La storia di Ancona – Taranto, ma anche del girone di ritorno della squadra rossoblu, si chiude con una sconfitta per tre a due che non pregiudica la partecipazione del Taranto agli spareggi playoff, ma lo declassa nella terza posizione in graduatoria. Lo scettro di vice – capolista passa alla squadra dorica allenata da Francesco Monaco.

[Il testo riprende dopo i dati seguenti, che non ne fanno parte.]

Lemma until_n_stopped_exp b n p i :
  until_n Pz Pp (fun _ i => (1 <= i)%N) (fun _ i => (b <= i)%N) n p i =
  stopped_exp b n (reached b) p i.
Proof.
elim: n p i => [|n IH] p i //=.
by rewrite (eq_succ_exp IH) /stopped /reached; case: i => [|i] //=; case: ifP.
Qed.

Lemma stopped_exp_reached_le_until_prob b n p i :
  stopped_exp b n (reached b) p i <=
  until_prob Pz Pp (fun _ i => (1 <= i)%N) (fun _ i => (b <= i)%N) p i.
Proof.
rewrite -until_n_stopped_exp; apply: ub_le_sup; last by exists n.
exists 1 => _ [m _ <-]; rewrite until_n_stopped_exp.
by case/andP: (stopped_exp_unit b m p i (@reached_unit b)).
Qed.

Definition counter_potential (b : nat) (v : Q -> R) (q : Q) (j : nat) : R :=
  (minn j b)%:R + v q.

Lemma succ_exp_counter_potential b v t p i :
  is_potential Pp t v -> (0 < i < b)%N ->
  succ_exp Pz Pp (counter_potential b v) p i = counter_potential b v p i + t.
Proof.
move=> Hpot /andP [hi hib].
have cpE q c (hc : c \in pos_dirs) :
    counter_potential b v q (shift i c) = i%:R + c%:~R + v q.
  have := shiftE hi hc; rewrite /counter_potential => hs.
  rewrite (minn_idPl _) ?pmulrn ?hs ?intrD -?pmulrn //.
  by move: hc hs; rewrite !inE => /or3P [] /eqP ->; lia.
case: i hi hib cpE => // i _ hib cpE /=.
under eq_bigr => q _ do under eq_big_seq => c hc do
  rewrite cpE // mulrDr mulrDr.
under eq_bigr => q _ do rewrite !big_split /=.
rewrite !big_split /= -/(svec Pp p) /counter_potential (minn_idPl (ltnW hib)).
have -> : \sum_q \sum_(c <- pos_dirs) Pp p c q * (i.+1)%:R = (i.+1)%:R.
  by rewrite -[RHS]mul1r -(Pp_row_sum p) mulr_suml; apply: eq_bigr => q _; rewrite mulr_suml.
have -> : \sum_q \sum_(c <- pos_dirs) Pp p c q * v q = \sum_q Amat Pp p q * v q.
  by apply: eq_bigr => q _; rewrite mulr_suml.
by rewrite -addrA Hpot addrA.
Qed.

Lemma counter_potential_le_stopped_exp b v t n p i :
  0 <= t -> is_potential Pp t v ->
  counter_potential b v p i <= stopped_exp b n (counter_potential b v) p i.
Proof.
move=> ht Hpot; elim: n p i => [|n IH] p i //=.
case: ifP => hs //; move/negbT: hs; rewrite not_stopped => hi.
apply: le_trans (ler_succ_exp _ _ IH).
by rewrite (succ_exp_counter_potential p Hpot hi) lerDl.
Qed.

Lemma counter_potential_le b v vM q j : (0 < b)%N -> (forall q, v q <= vM) ->
  counter_potential b v q j <=
  b%:R * reached b q j + ((b%:R - 1) * alive b q j + vM).
Proof.
move=> hb vle; have := vle q; rewrite /counter_potential /reached /alive /stopped.
case: (posnP j) => [-> | hj]; first by rewrite min0n /= !mulr0; lra.
case: (leqP b j) => hbj.
  by rewrite /= mulr1 mulr0; lra.
have : (j.+1)%:R <= b%:R :> R by rewrite ler_nat.
by rewrite /= -natr1 mulr0 mulr1; lra.
Qed.

Lemma stopped_exp_alive_le b n q j : stopped_exp b n (alive b) q j <= alive b q j.
Proof.
case hs: (stopped b j); first by rewrite stopped_exp_stopped.
by rewrite {2}/alive hs; case/andP: (stopped_exp_unit b n q j (alive_unit b)).
Qed.

Lemma stopped_exp_alive_nonincreasing b m n q j : (m <= n)%N ->
  stopped_exp b n (alive b) q j <= stopped_exp b m (alive b) q j.
Proof.
move/subnKC <-; rewrite stopped_expD.
by apply: ler_stopped_exp => q' j'; exact: stopped_exp_alive_le.
Qed.

Lemma stopped_exp_alive_geometric b N th : 0 <= th ->
  (forall q j, stopped_exp b N (alive b) q j <= th * alive b q j) ->
  forall k q j, stopped_exp b (k * N) (alive b) q j <= th ^+ k * alive b q j.
Proof.
move=> th0 HN; elim=> [|k IH] q j; first by rewrite mul0n expr0 mul1r.
rewrite mulSn stopped_expD; apply: le_trans (ler_stopped_exp b N IH q j) _.
by rewrite stopped_exp_scale exprSr -mulrA ler_wpM2l ?exprn_ge0.
Qed.
Lemma pr2_heap_mul {T : C} (a b : hom T (prod L X X)) (H : pr1 L ∘ a = pr1 L ∘ b) :
  pr2 L ∘ (heap_mul ∘ pb_pair L H) = P (pr2 L ∘ a) (pr1 L ∘ a) (pr2 L ∘ b).
Proof.
  unfold heap_mul. rewrite cmp_assoc, pr2_pair, <- cmp_assoc, pair3_comp, <- !cmp_assoc,
    pb1_pair, pb2_pair.
  reflexivity.
Qed.

Lemma pr1_heap_inv {T : C} (a : hom T (prod L X X)) : pr1 L ∘ (heap_inv ∘ a) = pr1 L ∘ a.
Proof. unfold heap_inv. rewrite cmp_assoc, pr1_pair. reflexivity. Qed.

Lemma pr2_heap_inv {T : C} (a : hom T (prod L X X)) :
  pr2 L ∘ (heap_inv ∘ a) = P (pr1 L ∘ a) (pr2 L ∘ a) (pr1 L ∘ a).
Proof. unfold heap_inv. rewrite cmp_assoc, pr2_pair, <- cmp_assoc, pair3_comp. reflexivity. Qed.

Lemma pr1_heap_unit {T : C} (x : hom T X) : pr1 L ∘ (heap_unit ∘ x) = x.
Proof. unfold heap_unit. rewrite cmp_assoc, pr1_pair, cmp_id_l. reflexivity. Qed.

Lemma pr2_heap_unit {T : C} (x : hom T X) : pr2 L ∘ (heap_unit ∘ x) = x.
Proof. unfold heap_unit. rewrite cmp_assoc, pr2_pair, cmp_id_l. reflexivity. Qed.

Lemma heap_laws : GroupoidLaws L (pr1 L) (pr1 L) heap_unit heap_mul heap_inv.
Proof.
  split.
  - intros T a b k x y Hab Hbk Hx Hy Ex Ey. apply prod_ext.
    + rewrite !pr1_heap_mul, Ex, pr1_heap_mul. reflexivity.
    + rewrite !pr2_heap_mul, Ex, Ey, pr1_heap_mul, !pr2_heap_mul, <- Hab.
      symmetry. apply maltsev_assoc.
  - intros T a u H Eu. apply prod_ext.
    + rewrite pr1_heap_mul, Eu, pr1_heap_unit. reflexivity.
    + rewrite pr2_heap_mul, Eu, pr1_heap_unit, pr2_heap_unit. apply maltsev_cancel_l.
  - intros T a v H Ev. apply prod_ext.
    + apply pr1_heap_mul.
    + rewrite pr2_heap_mul, Ev, pr2_heap_unit. apply maltsev_cancel_r.
  - intros T a v H Ev. apply prod_ext.
    + rewrite pr1_heap_mul, pr1_heap_unit. reflexivity.
    + rewrite pr2_heap_mul, Ev, pr2_heap_unit, pr2_heap_inv, maltsev_assoc,
        maltsev_cancel_r, maltsev_cancel_l.
      reflexivity.
  - intros T a u H Eu. apply prod_ext.
    + rewrite pr1_heap_mul, pr1_heap_unit, Eu, pr1_heap_inv. reflexivity.
    + rewrite pr2_heap_mul, pr2_heap_unit, Eu, pr1_heap_inv, pr2_heap_inv, <- maltsev_assoc,
        maltsev_cancel_l, maltsev_cancel_r.
      reflexivity.
Qed.

Definition heap_group : PtGroupData L X :=
  {| pg_A := prod L X X; pg_f := pr1 L; pg_s := heap_unit; pg_m := heap_mul;
     pg_i := heap_inv; pg_fs := pr1_pair _ _; pg_fm := pr1_pair _ _;
     pg_fi := pr1_pair _ _ |}.

Lemma subterminal_of_assoc_maltsev : AllPtGroupsTrivial L -> subterminal L X.
Proof.
  intro Htriv.
  pose proof (Htriv X heap_group (pt_group_of_groupoid_laws L heap_group heap_laws)) as Hiso.
  assert (pr1_mono : is_mono (@pr1 C L X X)).
  { apply (mono_of_retraction _ heap_unit), (iso_section_retraction _ _ Hiso).
    apply pr1_pair. }
  intros T h k _.
  apply (pair_inj (L := L) h h h k), pr1_mono. rewrite !pr1_pair. reflexivity.
Qed.

End Maltsev.

Theorem mainTheorem12 (C : Category) (L : FinLim C) :
  (AllPtGroupsTrivial L <-> AllGroupoidsEqRel L) /\
  (AllPtGroupsTrivial L ->
     forall (X : C) (p : hom (prod L X (prod L X X)) X),
       IsAssocMaltsev p -> subterminal L X).
Proof.
  split.
  - split.
    + apply groupoids_eqrel_of_pt_groups_trivial.
    + apply pt_groups_trivial_of_groupoids_eqrel.
  - intros Htriv X p Hp. exact (subterminal_of_assoc_maltsev L X p Hp Htriv).
Qed.
Definition mob_inv (R : realType) (m : moebius R) : moebius R :=
  @Moebius R (mob_d m) (- mob_b m) (- mob_c m) (mob_a m) (mob_inv_det m).

Definition simple_graph (V : finType) (e : rel V) : Prop :=
  symmetric e /\ irreflexive e.

Definition connected_graph (V : finType) (e : rel V) : Prop :=
  forall a b : V, connect e a b.

Definition acyclic_graph (V : finType) (e : rel V) : Prop :=
  forall p : seq V, uniq p -> (2 < size p)%N -> ~~ cycle e p.

Definition is_tree (V : finType) (e : rel V) : Prop :=
  [/\ simple_graph e, connected_graph e & acyclic_graph e].

Definition valence (V : finType) (e : rel V) (v : V) : nat := #|[set w | e v w]|.

Definition is_leaf (V : finType) (e : rel V) (v : V) : bool := valence e v == 1%N.
Definition is_internal (V : finType) (e : rel V) (v : V) : bool := ~~ is_leaf e v.

Definition stable_tree (V : finType) (e : rel V) : Prop :=
  forall v, is_internal e v -> (3 <= valence e v)%N.

Definition rel_minus (V : finType) (e : rel V) (v : V) : rel V :=
  [rel a b | [&& e a b, a != v & b != v]].

(* v' lies in B_v(e), the component of T - v containing the edge {v, w}
   (w a neighbour of v). *)
Definition in_branch (V : finType) (e : rel V) (v w v' : V) : bool :=
  e v w && connect (rel_minus e v) w v'.
(* Basis of the Lie algebra \widetilde{L_{1,mu}}^1 :
   BL n = L_n,  BM n = M_n,  BY n = Y_{n+1/2},  BC = C_L   (n : int). *)
Inductive basis := BL of int | BM of int | BY of int | BC.

Definition basis_enc (b : basis) : (int * nat) + unit :=
  match b with
  | BL n => inl (n, 0%N) | BM n => inl (n, 1%N) | BY n => inl (n, 2%N)
  | BC => inr tt end.
Definition basis_dec (x : (int * nat) + unit) : option basis :=
  match x with
  | inl (n, 0%N) => Some (BL n) | inl (n, 1%N) => Some (BM n)
  | inl (n, 2%N) => Some (BY n) | inl _ => None | inr _ => Some BC end.
Lemma basis_encK : pcancel basis_enc basis_dec. Proof. by case. Qed.
HB.instance Definition _ := Countable.copy basis (pcan_type basis_encK).

Section LieAlg.
Variable C : numClosedFieldType.

Definition Lalg := {malg C[basis]}.

Definition eL (n : int) : Lalg := << BL n >>.
Definition eM (n : int) : Lalg := << BM n >>.
Definition eY (n : int) : Lalg := << BY n >>.
Definition eC : Lalg := << BC >>.

Definition brB (mu : C) (a b : basis) : Lalg :=
  match a, b with
  | BL m, BL n => (n - m)%:~R *: eL (m + n)
                  + ((m ^+ 3 - m)%:~R / 12%:R *+ (m + n == 0)) *: eC
  | BL m, BM n => ((n - m)%:~R + 2%:R * mu) *: eM (m + n)
  | BM n, BL m => - (((n - m)%:~R + 2%:R * mu) *: eM (m + n))
  | BL m, BY n => ((n - m)%:~R + 2%:R^-1 + mu) *: eY (m + n)
  | BY n, BL m => - (((n - m)%:~R + 2%:R^-1 + mu) *: eY (m + n))
  | BY m, BY n => (n - m)%:~R *: eM (m + n + 1)
  | _, _ => 0
  end.

Definition lbr (mu : C) (x y : Lalg) : Lalg :=
  \sum_(a <- msupp x) \sum_(b <- msupp y) (x@_a * y@_b) *: brB mu a b.

Definition half_derivation (mu : C) (phi : Lalg -> Lalg) : Prop :=
  linear phi /\
  forall x y, phi (lbr mu x y) = 2%:R^-1 *: (lbr mu (phi x) y + lbr mu x (phi y)).

End LieAlg.

(* Write A = phi(L_0). Comparing coefficients in the identity
   phi [x, y] = 1/2 ([phi x, y] + [x, phi y]) on well-chosen pairs of basis vectors
   determines phi from A:
   - [C_L, L_n] = 0 shows that phi(C_L) has no L-, M- or Y-component;
   - [L_0, L_n] and [L_0, Y_n] show that phi(L_n) is A shifted by n, and that
     phi(Y_n) is A shifted by L_s |-> Y_(n+s), Y_s |-> M_(n+s+1); when the
     relevant structure constant vanishes, [L_n, L_3n] resp. [L_1, Y_(n-1)] is
     used instead;
   - the central term of [L_s, L_-2s] kills the L_s-component of A for s <> 0,
     so the L-part of A is lam L_0 with lam its L_0-coefficient;
   - [Y_m, Y_n] = (n - m) M_(m+n+1) with m <> n gives phi(M_p) = lam M_p, and
     [L_2, L_-2] gives phi(C_L) = lam C_L.
   The hypothesis on mu says exactly that mu is not in 1/2 + Z, i.e. that the
   structure constants n - m + 1/2 + mu of [L_m, Y_n] never vanish. *)

From HB Require Import structures.
From mathcomp Require Import all_boot all_order all_algebra.
From mathcomp Require Import finmap.
From mathcomp.multinomials Require Import monalg.
From mathcomp Require Import ring zify.
Import Order.TTheory GRing.Theory Num.Theory.
Local Open Scope ring_scope.

Lemma big_seq_single {V : nmodType} {T : eqType} {s : seq T} {F : T -> V} t0 :
  uniq s -> (forall t, t != t0 -> F t = 0) ->
  \sum_(t <- s) F t = if t0 \in s then F t0 else 0.
Proof.
move=> s_uniq F0; case: ifP => [t0s | /negbT t0Ns].
  by rewrite (bigD1_seq t0) //= big1 ?addr0 // => t; apply: F0.
by rewrite big1_seq // => t /andP[_ ts]; apply: F0; apply: contraNneq t0Ns => <-.
Qed.

Section MalgCoefficients.
Context {K : choiceType} {R : nzRingType}.
Implicit Types (x : {malg R[K]}) (k : K).

Lemma mcoeff_basis k k' : (<< k >> : {malg R[K]})@_k' = (k == k')%:R.
Proof. by rewrite mcoeffU. Qed.

Lemma msupp_basis k : msupp (<< k >> : {malg R[K]}) = [fset k]%fset.
Proof. by rewrite msuppU oner_eq0. Qed.

Lemma sum_msupp_single x (f : K -> R) k0 :
  (forall k, k != k0 -> f k = 0) ->
  \sum_(k <- msupp x) x@_k * f k = x@_k0 * f k0.
Proof.
move=> f0; rewrite (big_seq_single k0) ?fset_uniq //.
  by case: ifP => // /negbT /mcoeff_outdom ->; rewrite mul0r.
by move=> k /f0 ->; rewrite mulr0.
Qed.

Lemma mcoeff_sumZU {T : eqType} {s : seq T} {f : T -> R} {g : T -> K} {k} t0 :
  uniq s -> (forall t, (g t == k) = (t == t0)) -> (t0 \notin s -> f t0 = 0) ->
  (\sum_(t <- s) f t *: << g t >>)@_k = f t0.
Proof.
move=> s_uniq gk f0; rewrite raddf_sum (big_seq_single t0) //=.
  by rewrite mcoeffZ mcoeff_basis gk eqxx mulr1; case: ifP => // /negbT /f0.
by move=> t tNt0; rewrite mcoeffZ mcoeff_basis gk (negbTE tNt0) mulr0.
Qed.
(* Let $T$ be a complete theory with monster model $\mathbb{M}$, $S\subseteq\mathbb{M}$ a small set, and $(a_i:i\in\mathbb{Q})$ an $S$-indiscernible sequence of (finite or small infinite) tuples. Let $I,J\subseteq\mathbb{Q}$ be finite with $I\cap J=\emptyset$, $I=\{i_1,\ldots,i_n\}$ with $i_1<\cdots<i_n$. For each $t\in[n]$ let $i'_t\in\mathbb{Q}$ be such that $i_t<i'_t$ and $$\operatorname{qftp}_<(i'_t/J\cup\{i_s:s\in[n]\setminus\{t\}\})=\operatorname{qftp}_<(i_t/J\cup\{i_s:s\in[n]\setminus\{t\}\}).$$ Then $\operatorname{dist}_{S\cup(a_i)_{i\in J}}\big((a_{i_1},\ldots,a_{i_n}),(a_{i'_1},\ldots,a_{i'_n})\big)\le1$.
   Context: A symmetric formula $\theta(x,y)$ with parameters ($x,y$ of the same sorts) is thick if there is no sequence $(c_i)_{i\in\omega}$ with $\models\neg\theta(c_i,c_j)$ for all $i<j$. $\Theta_S(x,y)$ is the set of all thick formulas with parameters from $S$ in finite subtuples of corresponding variables of $x,y$. The Lascar distance $\operatorname{dist}_S(a,b)$ is the least $n\in\omega$ such that there are $a_0=a,a_1,\ldots,a_n=b$ with $\models\Theta_S(a_i,a_{i+1})$ for all $i<n$ (or $\infty$ if none exists). $\operatorname{qftp}_<$ denotes quantifier-free type in the order of $\mathbb{Q}$; $[n]=\{1,\ldots,n\}$. *)

From mathcomp Require Import all_boot all_order all_algebra.
From Stdlib Require Lists.List.
Set Implicit Arguments. Unset Strict Implicit. Unset Printing Implicit Defensive.
Import Order.TTheory GRing.Theory Num.Theory.

Record signature := Signature {
  fsym : Type; rsym : Type;
  farity : fsym -> nat; rarity : rsym -> nat }.
Arguments farity : clear implicits. Arguments rarity : clear implicits.

Inductive term (L : signature) (V : Type) : Type :=
| tvar : V -> term L V
| tapp : forall f : fsym L, ('I_(farity L f) -> term L V) -> term L V.

(* formulas with free variables in V (quantifiers bind via option) *)
Inductive formula (L : signature) : Type -> Type :=
| frel : forall V (r : rsym L), ('I_(rarity L r) -> term L V) -> formula L V
| feq : forall V, term L V -> term L V -> formula L V
| fneg : forall V, formula L V -> formula L V
| fand : forall V, formula L V -> formula L V -> formula L V
| fex : forall V, formula L (option V) -> formula L V.

Record structure (L : signature) := Structure {
  carrier :> Type;
  finterp : forall f : fsym L, ('I_(farity L f) -> carrier) -> carrier;
  rinterp : forall r : rsym L, ('I_(rarity L r) -> carrier) -> Prop }.
Arguments finterp : clear implicits. Arguments rinterp : clear implicits.

Fixpoint teval (L : signature) (M : structure L) (V : Type) (e : V -> M)
  (t : term L V) : M :=
  match t with
  | tvar v => e v
  | tapp f args => finterp L M f (fun k => teval e (args k))
  end.

Fixpoint sat (L : signature) (M : structure L) (V : Type) (phi : formula L V)
  : (V -> M) -> Prop :=
  match phi in formula _ V0 return (V0 -> M) -> Prop with
  | frel _ r args => fun e => rinterp L M r (fun k => teval e (args k))
  | feq _ t1 t2 => fun e => teval e t1 = teval e t2
  | fneg _ psi => fun e => ~ sat psi e
  | fand _ p q => fun e => sat p e /\ sat q e
  | fex _ psi => fun e => exists m : M,
      sat psi (fun o => match o with Some v => e v | None => m end)
  end.

Definition pformula (L : signature) (M : structure L) (A : M -> Prop) (V : Type) :=
  formula L (V + {m : M | A m}).

Definition penv (L : signature) (M : structure L) (A : M -> Prop) (V : Type)
  (e : V -> M) : V + {m : M | A m} -> M :=
  fun z => match z with inl v => e v | inr p => sval p end.

Definition psat (L : signature) (M : structure L) (A : M -> Prop) (V : Type)
  (phi : pformula A V) (e : V -> M) : Prop := sat phi (penv e).

(* kappa is represented by a type K; a type is small if |Y| < |K|,
   i.e. K does not inject into Y. *)
Definition smallT (K Y : Type) : Prop := ~ exists f : K -> Y, injective f.
Definition small (K : Type) (M : Type) (A : M -> Prop) : Prop :=
  smallT K {m : M | A m}.

Definition automorphism (L : signature) (M : structure L) (s : M -> M) : Prop :=
  bijective s /\
  (forall f args, s (finterp L M f args) = finterp L M f (fun k => s (args k))) /\
  (forall r args, rinterp L M r args <-> rinterp L M r (fun k => s (args k))).

Definition saturated (L : signature) (K : Type) (M : structure L) : Prop :=
  forall A : M -> Prop, small K A ->
  forall p : pformula A unit -> Prop,
    (forall l : seq (pformula A unit), (forall phi, Stdlib.Lists.List.In phi l -> p phi) ->
       exists m : M, forall phi, Stdlib.Lists.List.In phi l -> psat phi (fun _ => m)) ->
    exists m : M, forall phi, p phi -> psat phi (fun _ => m).

Definition strongly_homogeneous (L : signature) (K : Type) (M : structure L) : Prop :=
  forall A : M -> Prop, small K A ->
  forall f : {m : M | A m} -> M,
    (forall phi : formula L {m : M | A m}, sat phi (@sval _ _) <-> sat phi f) ->
    exists s : M -> M, automorphism s /\ forall x, s (sval x) = f x.

(* M is a monster model (kappa-saturated, strongly kappa-homogeneous,
   kappa > |L| + aleph_0) of its complete theory T = Th(M). *)
Definition monster (L : signature) (K : Type) (M : structure L) : Prop :=
  smallT K ((fsym L + rsym L) + nat) /\ saturated K M /\ strongly_homogeneous K M.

La rocambolesca sconfitta, giunta pochi attimi dopo un gol regolare annullato a Prosperi, per un inesistente fuorigioco, è un vero e proprio dono da parte di Pastori e compagni, incapaci di gestire il vantaggio ottenuto dopo i primi quarantacinque minuti. Proprio nell’ultima partita della stagione regolare il reparto difensivo ionico, Faraon e la coppia di centrali Pastore – Prosperi, subiscono una vera e propria doccia d’umiltà. Tutt’altra cosa rispetto al Taranto imbattuto e impermeabile delle ultime partite. In più anche l’esperimento di Tesser quarto di destra a centrocampo, al posto di Carrozza, non crea nessun buon risultato.
Nonostante la sconfitta e le amnesie difensive, la formazione rossoblu non perde l’entusiasmo in vista delle prossime partite spareggio contro il Crotone. Infatti se si esclude un piccolo calo, anche contro i dorici i ragazzi di Cari confermano una buona condizione fisica. Il recupero di Mancini e la panchina lunga saranno armi da giocare per il salto di categoria. Società, giocatori e tifosi ritornano, però, da Ancona con qualche motivo di riflessione in più.
Prima della prossima sfida, prevista il 18 maggio all’Ezio Scida di Crotone, l’imperativo sarà ritrovare umiltà e determinazione. Due fattori che hanno consentito di realizzare, nel girone di ritorno, la scalata culminata nei playoff.